◆ **YOUR OBJECTIVE**: Only one stretch of the data is wanted: the line containing "apply/negbTE/andP => -[cov le].", the line containing "have fzy : (f z < f y)%R.", and every line between them, copied exactly.

◆ **DATASET CONTENT**:
(* Let $X$ be a finite poset and let $f\colon X\to\mathbb R$ be a Morse function satisfying the Exclusion condition. Then the associated set $\mathcal M_f=\{(w,x)\in X\times X: w\prec x,\ f(w)\ge f(x)\}$ is a Morse matching on $X$ whose set of critical points equals the set of critical points of $f$. In particular, if $X$ is a finite two-wide poset and $f\colon X\to\mathbb R$ is any Morse function, then $\mathcal M_f$ is a Morse matching with $\mathrm{crit}(f)=\mathrm{crit}(\mathcal M_f)$.
   Context: In a poset, write $a\prec b$ if $a<b$ and there is no $c$ with $a<c<b$; the Hasse diagram $\mathcal H(X)$ is the directed graph with edges $a\to b$ for $a\prec b$. A Morse function on a finite poset $X$ is a map $f\colon X\to\mathbb R$ such that for every $x\in X$, $\#\{y: x\prec y,\ f(x)\ge f(y)\}\le1$ and $\#\{w: w\prec x,\ f(w)\ge f(x)\}\le 1$; $x$ is critical if both sets are empty, regular otherwise; $\mathrm{crit}(f)$ is the set of critical points. $f$ satisfies the Exclusion condition if for every regular $x$ exactly one of these two sets is nonempty. A matching on $X$ is a set $\mathcal M\subseteq X\times X$ such that $(x,y)\in\mathcal M$ implies $x\prec y$ and each element of $X$ belongs to at most one pair of $\mathcal M$. Let $\mathcal H_{\mathcal M}(X)$ be the directed graph obtained from $\mathcal H(X)$ by reversing the edges not in $\mathcal M$; $\mathcal M$ is a Morse matching if $\mathcal H_{\mathcal M}(X)$ has no directed cycles. The critical points $\mathrm{crit}(\mathcal M)$ are the elements not belonging to any pair of $\mathcal M$. A poset is two-wide if for any $x\prec z\prec y$ there is $z'\neq z$ with $x\prec z'\prec y$. *)

(* A finite poset is a [finPOrderType d]; the Morse function
   takes values in an arbitrary real field R (the paper uses R = ℝ; only the
   order of the values matters). *)
From HB Require Import structures.
From mathcomp Require Import all_boot all_order all_algebra.
Set Implicit Arguments. Unset Strict Implicit. Unset Printing Implicit Defensive.
Import Order.TTheory GRing.Theory Num.Theory.

Section Morse.
Context {d : Order.disp_t} {X : finPOrderType d}.

Definition covers (a b : X) : bool :=
  (Order.lt a b) && [forall c : X, ~~ ((Order.lt a c) && (Order.lt c b))].

Definition hasse : rel X := covers.

Context {R : realFieldType}.

Definition up_set (f : X -> R) (x : X) : {set X} :=
  [set y | covers x y && (f y <= f x)%R].
Definition down_set (f : X -> R) (x : X) : {set X} :=
  [set w | covers w x && (f x <= f w)%R].

Definition is_morse (f : X -> R) : Prop :=
  forall x : X, #|up_set f x| <= 1 /\ #|down_set f x| <= 1.

Definition critical (f : X -> R) (x : X) : bool :=
  (up_set f x == set0) && (down_set f x == set0).

Definition crit (f : X -> R) : {set X} := [set x | critical f x].

Definition exclusion (f : X -> R) : Prop :=
  forall x : X, ~~ critical f x ->
    (up_set f x != set0) (+) (down_set f x != set0).

Definition Mf (f : X -> R) : {set X * X} :=
  [set p : X * X | covers p.1 p.2 && (f p.2 <= f p.1)%R].

End Morse.

Section Matching.
Context {d : Order.disp_t} {X : finPOrderType d}.

Definition is_matching (M : {set X * X}) : Prop :=
  (forall p, p \in M -> covers p.1 p.2) /\
  (forall x : X, #|[set p in M | (p.1 == x) || (p.2 == x)]| <= 1).

Definition hasseM (M : {set X * X}) : rel X :=
  fun a b => (covers a b && ((a, b) \in M)) || (covers b a && ((b, a) \notin M)).

(* no directed cycle: no x reaches itself by a path of positive length *)
Definition acyclic (e : rel X) : Prop :=
  forall x y : X, e x y -> ~~ connect e y x.

Definition morse_matching (M : {set X * X}) : Prop :=
  is_matching M /\ acyclic (hasseM M).

Definition crit_matching (M : {set X * X}) : {set X} :=
  [set x | [forall p in M, (p.1 != x) && (p.2 != x)]].

Definition two_wide : Prop :=
  forall x z y : X, covers x z -> covers z y ->
    exists z' : X, z' != z /\ covers x z' /\ covers z' y.

End Matching.

(* Order X lexicographically by decreasing value of f, ties broken by the
   order of X. A matched edge w -> x of H_{M_f} goes up in X with
   f x <= f w, and a reversed unmatched edge x -> w goes down with
   f w < f x; both are strict descents in this order, so H_{M_f} is acyclic
   for every f. Morse plus Exclusion say that each x lies in at most one pair
   of M_f, and x is unmatched exactly when both of its sets are empty.
   On a two-wide poset Exclusion is automatic: given w ≺ x ≺ y with
   f w >= f x >= f y, the other z with w ≺ z ≺ y satisfies
   f z < f y by Morse at y and f w < f z by Morse at w, whence
   f w < f y <= f w. *)
From HB Require Import structures.
From mathcomp Require Import all_boot all_order all_algebra.
Import Order.TTheory GRing.Theory Num.Theory.
Set Implicit Arguments. Unset Strict Implicit.

Section MorseMatching.
Context {d : Order.disp_t} {X : finPOrderType d} {R : realFieldType}.
Variable f : X -> R.

Lemma covers_lt (a b : X) : covers a b -> (a < b)%O.
Proof. by case/andP. Qed.

Lemma in_Mf_up (w x : X) : ((w, x) \in Mf f) = (x \in up_set f w).
Proof. by rewrite !inE. Qed.

Lemma in_Mf_down (w x : X) : ((w, x) \in Mf f) = (w \in down_set f x).
Proof. by rewrite !inE. Qed.

Lemma Mf_fst_unique (w y y' : X) :
  is_morse f -> (w, y) \in Mf f -> (w, y') \in Mf f -> y = y'.
Proof.
by move=> /(_ w)[/card_le1_eqP up1 _]; rewrite !in_Mf_up => yu y'u; apply: up1.
Qed.

Lemma Mf_snd_unique (w w' y : X) :
  is_morse f -> (w, y) \in Mf f -> (w', y) \in Mf f -> w = w'.
Proof.
by move=> /(_ y)[_ /card_le1_eqP down1]; rewrite !in_Mf_down => wd w'd; apply: down1.
Qed.

Definition descends (a b : X) : bool :=
  (f b < f a)%R || ((f b == f a) && (a < b)%O).

Lemma descends_trans : transitive descends.
Proof.
move=> b a c; rewrite /descends.
case/orP=> [fba|/andP[/eqP-> ab]] /orP[fcb|/andP[/eqP-> bc]].
- by rewrite (lt_trans fcb fba).
- by rewrite fba.
- by rewrite fcb.
- by rewrite eqxx (lt_trans ab bc) orbT.
Qed.

Lemma descends_irr : irreflexive descends.
Proof. by move=> a; rewrite /descends !ltxx andbF. Qed.

Lemma hasseM_Mf_descends (a b : X) : hasseM (Mf f) a b -> descends a b.
Proof.
rewrite /hasseM /descends !inE /=.
case/orP=> [/andP[cab /andP[_]] | /andP[cba]]; last by rewrite cba -ltNge => ->.
by rewrite le_eqVlt => /orP[/eqP->|->]; rewrite ?eqxx ?(covers_lt cab) ?orbT.
Qed.

Lemma Mf_acyclic : acyclic (hasseM (Mf f)).
Proof.
have path_descends x p :
    path (hasseM (Mf f)) x p -> p != [::] -> descends x (last x p).
  elim: p x => [|y [|z p] IH] x //= /andP[/hasseM_Mf_descends xy yp] _ //.
  exact: descends_trans xy (IH y yp isT).
move=> x y /hasseM_Mf_descends xy; apply/negP => /connectP[[|z p] yp yx].
  by move: xy; rewrite /= in yx; rewrite -yx descends_irr.
have := descends_trans xy (path_descends _ _ yp isT).
by rewrite -yx descends_irr.
Qed.

Lemma Mf_matching : is_morse f -> exclusion f -> is_matching (Mf f).
Proof.
move=> morse excl; split=> [p|x]; first by rewrite inE => /andP[].
have not_both y w : (x, y) \in Mf f -> (w, x) \in Mf f -> False.
  rewrite in_Mf_up in_Mf_down => yu wd.
  have up0 : up_set f x != set0 by apply/set0Pn; exists y.
  have down0 : down_set f x != set0 by apply/set0Pn; exists w.
  have /excl : ~~ critical f x by rewrite /critical negb_and up0.
  by rewrite up0 down0.
apply/card_le1_eqP => -[a b] [a' b'] /setIdP[Mab /= Eab] /setIdP[Mab' /= Eab'].
case/orP: Eab Mab => /eqP-> Mab; case/orP: Eab' Mab' => /eqP-> Mab'.
- by rewrite (Mf_fst_unique morse Mab Mab').
- by case: (not_both _ _ Mab Mab').
- by case: (not_both _ _ Mab' Mab).
- by rewrite (Mf_snd_unique morse Mab Mab').
Qed.

Lemma crit_matching_Mf : crit_matching (Mf f) = crit f.
Proof.
apply/setP => x; rewrite !inE /critical; apply/forallP/andP.
- move=> unmatched; split; apply/eqP/setP => y; rewrite !inE;
    apply/negbTE/andP => -[cov le].
    by move: (unmatched (x, y)); rewrite !inE /= cov le eqxx /=.
  by move: (unmatched (y, x)); rewrite !inE /= cov le eqxx andbF /=.
- case=> /eqP/setP up0 /eqP/setP down0 [a b]; apply/implyP => Mab /=.
  apply/andP; split; apply/eqP => ex; subst x.
    by move: (up0 b); rewrite -in_Mf_up Mab inE.
  by move: (down0 a); rewrite -in_Mf_down Mab inE.
Qed.

Lemma Mf_morse_matching : is_morse f -> exclusion f -> morse_matching (Mf f).
Proof. by move=> morse excl; split; [exact: Mf_matching | exact: Mf_acyclic]. Qed.

Lemma two_wide_exclusion : two_wide (X := X) -> is_morse f -> exclusion f.
Proof.
move=> wide morse x; rewrite /critical negb_and.
case: (set0Pn (up_set f x)) => [[y yu]|_] //=.
case: (set0Pn (down_set f x)) => [[w wd]|_] //= _.
move: yu wd; rewrite !inE => /andP[cxy fyx] /andP[cwx fxw].
have [z [zx [cwz czy]]] := wide _ _ _ cwx cxy.
have fzy : (f z < f y)%R.
  rewrite ltNge; apply: contraNN zx => fyz; apply/eqP.
  by apply: (@Mf_snd_unique z x y morse); rewrite inE /= ?czy ?cxy ?fyz.
have fwz : (f w < f z)%R.
  rewrite ltNge; apply: contraNN zx => fzw; apply/eqP.
  by apply: (@Mf_fst_unique w z x morse); rewrite inE /= ?cwz ?cwx ?fzw.
by have := lt_le_trans (lt_trans fwz fzy) (le_trans fyx fxw); rewrite ltxx.
Qed.

End MorseMatching.

Theorem mainTheorem6 (d : Order.disp_t) (X : finPOrderType d) (R : realFieldType) :
  (forall f : X -> R, is_morse f -> exclusion f ->
     morse_matching (Mf f) /\ crit_matching (Mf f) = crit f) /\
  (two_wide (X := X) ->
   forall f : X -> R, is_morse f ->
     morse_matching (Mf f) /\ crit f = crit_matching (Mf f)).
Proof.
split=> [f morse excl | wide f morse].
  by split; [exact: Mf_morse_matching | exact: crit_matching_Mf].
split; first exact: Mf_morse_matching (two_wide_exclusion wide morse).
by rewrite crit_matching_Mf.
Qed.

◆ **EXERCISE RESPONSE**:
    apply/negbTE/andP => -[cov le].
    by move: (unmatched (x, y)); rewrite !inE /= cov le eqxx /=.
  by move: (unmatched (y, x)); rewrite !inE /= cov le eqxx andbF /=.
- case=> /eqP/setP up0 /eqP/setP down0 [a b]; apply/implyP => Mab /=.
  apply/andP; split; apply/eqP => ex; subst x.
    by move: (up0 b); rewrite -in_Mf_up Mab inE.
  by move: (down0 a); rewrite -in_Mf_down Mab inE.
Qed.

Lemma Mf_morse_matching : is_morse f -> exclusion f -> morse_matching (Mf f).
Proof. by move=> morse excl; split; [exact: Mf_matching | exact: Mf_acyclic]. Qed.

Lemma two_wide_exclusion : two_wide (X := X) -> is_morse f -> exclusion f.
Proof.
move=> wide morse x; rewrite /critical negb_and.
case: (set0Pn (up_set f x)) => [[y yu]|_] //=.
case: (set0Pn (down_set f x)) => [[w wd]|_] //= _.
move: yu wd; rewrite !inE => /andP[cxy fyx] /andP[cwx fxw].
have [z [zx [cwz czy]]] := wide _ _ _ cwx cxy.
have fzy : (f z < f y)%R.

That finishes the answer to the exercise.